People ask really good questions: how do I know if I’m consuming added sugar as opposed to total sugar? How do I get this information from nutrition labels? What are the differences between consuming honey and table sugar? Why is liver the main organ that processes fructose? These are sophisticated questions. We’ve had to do additional PubMed searches. Sometimes the answer is: we don’t know!

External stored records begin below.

Theorem lemma6 :
  (forall c t, 0 < t < 1 -> detC1 c t = gamma1 t * c + gamma0 t) /\
  (forall t, 0 < t < 1 -> gamma1 t < 0) /\
  (forall t, 0 < t < 1 -> gamma0 t > 0) /\
  (forall t, 0 < t < 1 -> cstar t > 0) /\
  (forall t, 0 < t < 1 -> C11 (cstar t) t > 0) /\
  (exists delta, delta < 1 /\
     (forall t, 0 < t < delta -> C12 (cstar t) t < 0) /\
     (forall t, delta < t < 1 -> C12 (cstar t) t > 0)).
Proof.
  split; [exact detC1_eq|]. split; [exact gamma1_neg|]. split; [exact gamma0_pos|].
  split; [exact cstar_pos|]. split; [exact C11_cstar_pos|].
  destruct (sign_change_point C12_cstar_cleared 0 (19/32) (5/8) 1) as [delta [Hdelta [Hneg Hpos]]].
  - lra.
  - lra.
  - intros t Ht. apply C12_cstar_cleared_neg. lra.
  - apply increasing_of_pos_derive, C12_cstar_cleared_derive_pos.
  - intros t Ht. apply C12_cstar_cleared_pos. lra.
  - assert (Hweight : forall t, 0 < t < 1 -> 0 < t^2 * (1-t)^4 * - gamma1 t).
    { intros t Ht. pose proof (gamma1_neg t Ht).
      apply Rmult_lt_0_compat; [apply Rmult_lt_0_compat; [nra | apply pow_lt; lra] | lra]. }
    exists delta. split; [lra | split]; intros t Ht;
      pose proof (Hweight t ltac:(lra)); pose proof (C12_cstar_cleared_eq t ltac:(lra)).
    + pose proof (Hneg t Ht). nra.
    + pose proof (Hpos t Ht). nra.
Qed.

There has been an enormous outpouring of volunteer support. People from the UCSF Medical Center have volunteered their time to help answer questions. The San Francisco Brigade of Code for America called us – they’re an organization of volunteers in the tech industry, and said they were looking for a good cause and picked us – we’ve partnered with them to develop new functionalities for our website, such as an interactive map that would allow people to identify sugar consumption and diabetes rates in their communities.

One of the main audiences for using our resource materials are clinicians. People in the medical profession see high rates of obesity, metabolic disease and diabetes. Their patients deal with complications. It’s a hard thing to see. This is something that health professionals can do: download our little pocket card, give it to a patient, and tell them to think about it. It’s like a health information campaign in a box.